Required work: Produce an exact copy of the lines below, starting at the first and ending with the line containing "case=> x [s".

Listed entries:

Lemma wlen_cons_le s w : wlen (s :: w) <= (wlen w).+1.
Proof.
by have [w' ww' <-] := wlen_spec w; apply: (@wlen_min _ (s :: w')); rewrite ww'.
Qed.

Lemma wlen_cons s w : wlen (s :: w) = (wlen w).+1 \/ wlen w = (wlen (s :: w)).+1.
Proof.
have le1 := wlen_cons_le s w; have le2 := wlen_cons_le s (s :: w).
rewrite wequiv_consK in le2.
have : wlen (s :: w) != wlen w.
  by apply/eqP => eq_len; move: (odd_wlen (s :: w)); rewrite eq_len odd_wlen /=; case: odd.
lia.
Qed.

Lemma strong_exchange t w : reflection c t -> wlen (t ++ w) < wlen w ->
  exists a s b, w = a ++ s :: b /\ t ++ w ≡ a ++ b.
Proof.
move=> reft lt_tw_w; apply: refl_count_gt0_exchange.
case odd_w: (odd (refl_count w t)); first exact: odd_gt0.
have [u tw_u size_u] := wlen_spec (t ++ w).
have w_tu : w ≡ t ++ u by rewrite -tw_u reflectionK.
have odd_u : odd (refl_count u t).
  move: odd_w; rewrite (odd_refl_count_wequiv t w_tu) refl_count_cat oddD.
  rewrite odd_refl_count_reflection // (@refl_count_wequivr u _ t) ?catA ?wequiv_rev_cat //.
  by move/negbFE.
have [a [s [b [u_asb tu]]]] := refl_count_gt0_exchange (odd_gt0 odd_u).
have w_ab : w ≡ a ++ b by rewrite w_tu tu.
have := wlen_min w_ab; move: size_u; rewrite u_asb !size_cat /=; lia.
Qed.

Lemma odd_wlen_reflection t u : reflection c t -> odd (wlen (t ++ u)) = ~~ odd (wlen u).
Proof.
case=> x [s tx]; rewrite !odd_wlen (@wequiv_odd_size _ ((x ++ s :: rev x) ++ u)) ?tx //.
by rewrite !size_cat /= size_rev !oddD /=; case: odd; case: odd.
Qed.

Lemma len_ltP u v : len_lt c u v <-> wlen u < wlen v.
Proof.
split=> [[u' [uu' lt_u'v]] | lt_uv].
  by have [v' vv' <-] := wlen_spec v; apply: leq_ltn_trans (wlen_min uu') (lt_u'v _ vv').
have [u' uu' size_u'] := wlen_spec u; exists u'; split=> // v' vv'.
by rewrite size_u'; apply: leq_trans lt_uv (wlen_min vv').
Qed.
(* Under the Gaussian tile model described in the context, with the location $X$ uniformly distributed a priori on $[L]$, the maximum likelihood location estimate is given by minimizing the norm induced by a generalized inner product: $$\hat{\ell}_{\mathrm{GIP}_{2D}}=\operatorname*{arg\,min}_{\ell\in[L]}\big\|\vec{\mathbf{y}}-\vec{\mathbf{y}}^\ell\big\|_{\mathbf{G}},$$ where $\|\mathbf v\|_{\mathbf G}=\sqrt{\mathbf v^{\top}\mathbf G\mathbf v}$ and $\mathbf{G}$ is the $N_wN_d\times N_wN_d$ diagonal matrix with $$\mathbf{G}_{k+(j-1)N_w,\,k+(j-1)N_w}=\frac{1}{2\sigma_i^2+N_0/\tilde A_{k,j}},\qquad k\in[N_w],\ j\in[N_d].$$
   Context: Setting: each image is a matrix of $N_w\times N_d$ tiles; for a matrix $\mathbf Y$, its column-wise vectorization $\vec{\mathbf y}\in\mathbb R^{N_wN_d}$ has $\vec y_{k+(j-1)N_w}=y_{k,j}$. The captured image is $Y_{k,j}=a_{k,j}+n^i_{k,j}+n^s_{k,j}$, where $a_{k,j}$ is the road signal, $n^i_{k,j}\sim\mathcal N(0,\sigma_i^2)$ is intrinsic noise and $n^s_{k,j}\sim\mathcal N(0,N_0/\tilde A_{k,j})$ is sensor noise, with $\sigma_i^2>0$, $N_0>0$, and $\tilde A_{k,j}>0$ the area of the projection of road tile $(k,j)$ onto the camera's focal plane. The $\ell$-th global map section ($\ell\in[L]$) is $Y^\ell_{k,j}=a^\ell_{k,j}+n^{i,\ell}_{k,j}$ with $n^{i,\ell}_{k,j}\sim\mathcal N(0,\sigma_i^2)$; if the true location is $\ell$ then $a_{k,j}=a^\ell_{k,j}$ for all tiles. All noises are independent across tiles and of one another. Conditional on $X=\ell$, the captured image depends on the map only through $\mathbf Y^\ell$, and given $Y^\ell_{k,j}=y^\ell_{k,j}$ the signal is modeled as $a^\ell_{k,j}\sim\mathcal N(y^\ell_{k,j},\sigma_i^2)$, independently across tiles. The maximum likelihood location estimate is the $\ell$ maximizing $\Pr(X=\ell\mid\mathbf Y=\mathbf y,\mathbf Y^l=\mathbf y^l, l\in[L])$. *)

From mathcomp Require Import all_boot all_order all_algebra.
From mathcomp Require Import all_classical all_reals all_analysis.
Set Implicit Arguments. Unset Strict Implicit. Unset Printing Implicit Defensive.
Import Order.TTheory GRing.Theory Num.Theory.
Local Open Scope ring_scope.

Section Defs.
Variable R : realType.

(* Column-wise vectorization: for Y : 'M_(Nw,Nd), entry (k,j) (0-based) goes
   to index k + j*Nw, i.e. the 1-based index k + (j-1) Nw of the paper. *)
Definition vecc (Nw Nd : nat) (Y : 'M[R]_(Nw, Nd)) : 'cV[R]_(Nd * Nw) :=
  (mxvec Y^T)^T.

Definition Gweights (Nw Nd : nat) (sigma_i N0 : R) (At : 'M[R]_(Nw, Nd))
  : 'M[R]_(Nw, Nd) :=
  \matrix_(k, j) (sigma_i ^+ 2 *+ 2 + N0 / At k j)^-1.

Definition Gmat (Nw Nd : nat) (sigma_i N0 : R) (At : 'M[R]_(Nw, Nd))
  : 'M[R]_(Nd * Nw) :=
  diag_mx (vecc (Gweights sigma_i N0 At))^T.

Definition Gnorm (n : nat) (G : 'M[R]_n) (v : 'cV[R]_n) : R :=
  Num.sqrt ((v^T *m G *m v) 0 0).

(* Conditional density of the captured tile value Y_{k,j} given the map tile
   Y^l_{k,j} = y^l_{k,j} and X = l: Y = a + n^i + n^s with
   a ~ N(y^l, sigma_i^2), n^i ~ N(0, sigma_i^2), n^s ~ N(0, N0/Atilde)
   independent, i.e. Y ~ N(y^l, 2 sigma_i^2 + N0/Atilde).
   (normal_pdf m s x takes the standard deviation s.) *)
Definition tile_lik (sigma_i N0 At yl y : R) : R :=
  normal_pdf yl (Num.sqrt (sigma_i ^+ 2 *+ 2 + N0 / At)) y.

(* Likelihood of location l: conditional density of the captured image given
   the map, X = l (depends on the map only through Y^l; tiles independent). *)
Definition likelihood (Nw Nd L : nat) (sigma_i N0 : R) (At : 'M[R]_(Nw, Nd))
  (y : 'M[R]_(Nw, Nd)) (ys : 'I_L -> 'M[R]_(Nw, Nd)) (l : 'I_L) : R :=
  \prod_(k < Nw) \prod_(j < Nd) tile_lik sigma_i N0 (At k j) (ys l k j) (y k j).

Definition uniform_prior (L : nat) (l : 'I_L) : R := (L%:R)^-1.

Definition posterior (Nw Nd L : nat) (sigma_i N0 : R) (At : 'M[R]_(Nw, Nd))
  (y : 'M[R]_(Nw, Nd)) (ys : 'I_L -> 'M[R]_(Nw, Nd)) (l : 'I_L) : R :=
  uniform_prior l * likelihood sigma_i N0 At y ys l /
  \sum_(m < L) uniform_prior m * likelihood sigma_i N0 At y ys m.

Definition is_ML_estimate (Nw Nd L : nat) (sigma_i N0 : R)
  (At : 'M[R]_(Nw, Nd)) (y : 'M[R]_(Nw, Nd)) (ys : 'I_L -> 'M[R]_(Nw, Nd))
  (l : 'I_L) : Prop :=
  forall m : 'I_L, posterior sigma_i N0 At y ys m <= posterior sigma_i N0 At y ys l.

End Defs.

From mathcomp Require Import all_boot all_order all_algebra.
From mathcomp Require Import all_classical all_reals all_analysis.
From mathcomp Require Import ring.
Import Order.TTheory GRing.Theory Num.Theory.
Local Open Scope ring_scope.

(* Each captured tile is Gaussian around the map tile with variance
   v_{k,j} = 2 sigma_i^2 + N0/Atilde_{k,j}, independently across tiles, so the
   likelihood of location l is a positive constant (independent of l) times
   exp(-||vec y - vec y^l||_G^2 / 2) with G = diag(1/v_{k,j}).  Under a uniform
   prior the posterior is a positive multiple of the likelihood, and exp is
   increasing, so maximizing the posterior is minimizing the G-norm. *)

Section QuadraticForm.
Variables (R : realType) (Nw Nd : nat).

Lemma veccB (Y Z : 'M[R]_(Nw, Nd)) : vecc (Y - Z) = vecc Y - vecc Z.
Proof. by rewrite /vecc !linearB. Qed.

Lemma quad_diag_vecc (W D : 'M[R]_(Nw, Nd)) :
  ((vecc D)^T *m diag_mx (vecc W)^T *m vecc D) 0 0
  = \sum_(k < Nw) \sum_(j < Nd) W k j * D k j ^+ 2.
Proof.
rewrite mul_mx_diag mxE (reindex (uncurry (@mxvec_index Nd Nw))) /=; last first.
  have [g g1 g2] := @curry_mxvec_bij Nd Nw.
  by exists g => x _; [apply: g1 | apply: g2]; rewrite inE.
rewrite exchange_big pair_bigA /=; apply: eq_bigr => -[j k] _ /=.
by rewrite !mxE !mxvecE !mxE expr2 mulrCA mulrA.
Qed.

End QuadraticForm.

Section GaussianTiles.
Variables (R : realType) (sigma_i N0 : R).
Hypotheses (sigma_i_gt0 : 0 < sigma_i) (N0_gt0 : 0 < N0).

Definition tile_var (A : R) : R := sigma_i ^+ 2 *+ 2 + N0 / A.

Lemma tile_var_gt0 (A : R) : 0 < A -> 0 < tile_var A.
Proof.
move=> A_gt0; apply: ltr_wpDr; first exact: divr_ge0 (ltW N0_gt0) (ltW A_gt0).
by rewrite pmulrn_lgt0 // exprn_gt0.
Qed.

Lemma tile_likE (A yl yv : R) : 0 < A ->
  tile_lik sigma_i N0 A yl yv =
  normal_peak (Num.sqrt (tile_var A)) *
  expR (- ((tile_var A)^-1 * (yv - yl) ^+ 2 / 2)).
Proof.
move=> /tile_var_gt0 v_gt0.
rewrite /tile_lik normal_pdfE; last by rewrite gt_eqF // sqrtr_gt0.
rewrite /normal_fun sqr_sqrtr ?(ltW v_gt0) //; congr (_ * expR _).
by rewrite -mulNr -/(tile_var A); field; rewrite gt_eqF.
Qed.

Variables (Nw Nd L : nat) (At : 'M[R]_(Nw, Nd)).
Hypothesis At_gt0 : forall k j, 0 < At k j.

Definition Gdist2 (y yl : 'M[R]_(Nw, Nd)) : R :=
  \sum_(k < Nw) \sum_(j < Nd) Gweights sigma_i N0 At k j * (y k j - yl k j) ^+ 2.

Lemma Gdist2_ge0 (y yl : 'M[R]_(Nw, Nd)) : 0 <= Gdist2 y yl.
Proof.
apply: sumr_ge0 => k _; apply: sumr_ge0 => j _.
by rewrite mxE mulr_ge0 ?sqr_ge0 // invr_ge0 ltW // tile_var_gt0.
Qed.

Lemma Gnorm_veccB (y yl : 'M[R]_(Nw, Nd)) :
  Gnorm (Gmat sigma_i N0 At) (vecc y - vecc yl) = Num.sqrt (Gdist2 y yl).
Proof.
rewrite /Gnorm /Gmat -veccB quad_diag_vecc.
by congr (Num.sqrt _); apply: eq_bigr => k _; apply: eq_bigr => j _; rewrite !mxE.
Qed.

Definition likelihood_scale : R :=
  \prod_(k < Nw) \prod_(j < Nd) normal_peak (Num.sqrt (tile_var (At k j))).

Lemma likelihood_scale_gt0 : 0 < likelihood_scale.
Proof.
apply: prodr_gt0 => k _; apply: prodr_gt0 => j _.
by apply: normal_peak_gt0; rewrite gt_eqF // sqrtr_gt0 tile_var_gt0.
Qed.

Variables (y : 'M[R]_(Nw, Nd)) (ys : 'I_L -> 'M[R]_(Nw, Nd)).

Lemma likelihoodE (l : 'I_L) :
  likelihood sigma_i N0 At y ys l =
  likelihood_scale * expR (- (Gdist2 y (ys l) / 2)).
Proof.
rewrite /likelihood /Gdist2 mulr_suml -sumrN expR_sum -big_split /=.
apply: eq_bigr => k _.
rewrite mulr_suml -sumrN expR_sum -big_split /=; apply: eq_bigr => j _.
by rewrite tile_likE // mxE.
Qed.

Lemma likelihood_gt0 (l : 'I_L) : 0 < likelihood sigma_i N0 At y ys l.
Proof. by rewrite likelihoodE mulr_gt0 ?likelihood_scale_gt0 ?expR_gt0. Qed.

Lemma ler_likelihood (l m : 'I_L) :
  (likelihood sigma_i N0 At y ys m <= likelihood sigma_i N0 At y ys l) =
  (Gdist2 y (ys l) <= Gdist2 y (ys m)).
Proof.
by rewrite !likelihoodE ler_pM2l ?likelihood_scale_gt0 // ler_expR lerN2 ler_pM2r.
Qed.

Lemma ler_posterior (l m : 'I_L) :
  (posterior sigma_i N0 At y ys m <= posterior sigma_i N0 At y ys l) =
  (likelihood sigma_i N0 At y ys m <= likelihood sigma_i N0 At y ys l).
Proof.
have L_gt0 : (0 < L)%N by apply: leq_ltn_trans (ltn_ord l).
have prior_gt0 (i : 'I_L) : 0 < uniform_prior R i by rewrite invr_gt0 ltr0n.
have evidence_gt0 :
    0 < \sum_(i < L) uniform_prior R i * likelihood sigma_i N0 At y ys i.
  rewrite (bigD1 l) //= ltr_pwDl ?mulr_gt0 ?likelihood_gt0 //.
  by apply: sumr_ge0 => i _; rewrite mulr_ge0 ?ltW ?likelihood_gt0.
by rewrite /posterior ler_pM2r ?invr_gt0 // ler_pM2l.
Qed.

End GaussianTiles.

Theorem corollary1 (R : realType) (Nw Nd L : nat) (sigma_i N0 : R)
  (At : 'M[R]_(Nw, Nd)) (y : 'M[R]_(Nw, Nd)) (ys : 'I_L -> 'M[R]_(Nw, Nd)) :
  0 < sigma_i -> 0 < N0 -> (forall k j, 0 < At k j) ->
  forall l : 'I_L,
    is_ML_estimate sigma_i N0 At y ys l <->
    (forall m : 'I_L,
       Gnorm (Gmat sigma_i N0 At) (vecc y - vecc (ys l))
       <= Gnorm (Gmat sigma_i N0 At) (vecc y - vecc (ys m))).
Proof.
move=> sigma_i_gt0 N0_gt0 At_gt0 l.
have ML_iff_Gnorm m :
    (posterior sigma_i N0 At y ys m <= posterior sigma_i N0 At y ys l) =
    (Gnorm (Gmat sigma_i N0 At) (vecc y - vecc (ys l))
     <= Gnorm (Gmat sigma_i N0 At) (vecc y - vecc (ys m))).
  by rewrite ler_posterior // ler_likelihood // !Gnorm_veccB // ler_sqrt
    ?Gdist2_ge0.
by split=> le_l m; [rewrite -ML_iff_Gnorm | rewrite ML_iff_Gnorm]; apply: le_l.
Qed.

Expected answer:
Lemma wlen_cons_le s w : wlen (s :: w) <= (wlen w).+1.
Proof.
by have [w' ww' <-] := wlen_spec w; apply: (@wlen_min _ (s :: w')); rewrite ww'.
Qed.

Lemma wlen_cons s w : wlen (s :: w) = (wlen w).+1 \/ wlen w = (wlen (s :: w)).+1.
Proof.
have le1 := wlen_cons_le s w; have le2 := wlen_cons_le s (s :: w).
rewrite wequiv_consK in le2.
have : wlen (s :: w) != wlen w.
  by apply/eqP => eq_len; move: (odd_wlen (s :: w)); rewrite eq_len odd_wlen /=; case: odd.
lia.
Qed.

Lemma strong_exchange t w : reflection c t -> wlen (t ++ w) < wlen w ->
  exists a s b, w = a ++ s :: b /\ t ++ w ≡ a ++ b.
Proof.
move=> reft lt_tw_w; apply: refl_count_gt0_exchange.
case odd_w: (odd (refl_count w t)); first exact: odd_gt0.
have [u tw_u size_u] := wlen_spec (t ++ w).
have w_tu : w ≡ t ++ u by rewrite -tw_u reflectionK.
have odd_u : odd (refl_count u t).
  move: odd_w; rewrite (odd_refl_count_wequiv t w_tu) refl_count_cat oddD.
  rewrite odd_refl_count_reflection // (@refl_count_wequivr u _ t) ?catA ?wequiv_rev_cat //.
  by move/negbFE.
have [a [s [b [u_asb tu]]]] := refl_count_gt0_exchange (odd_gt0 odd_u).
have w_ab : w ≡ a ++ b by rewrite w_tu tu.
have := wlen_min w_ab; move: size_u; rewrite u_asb !size_cat /=; lia.
Qed.

Lemma odd_wlen_reflection t u : reflection c t -> odd (wlen (t ++ u)) = ~~ odd (wlen u).
Proof.
case=> x [s tx]; rewrite !odd_wlen (@wequiv_odd_size _ ((x ++ s :: rev x) ++ u)) ?tx //.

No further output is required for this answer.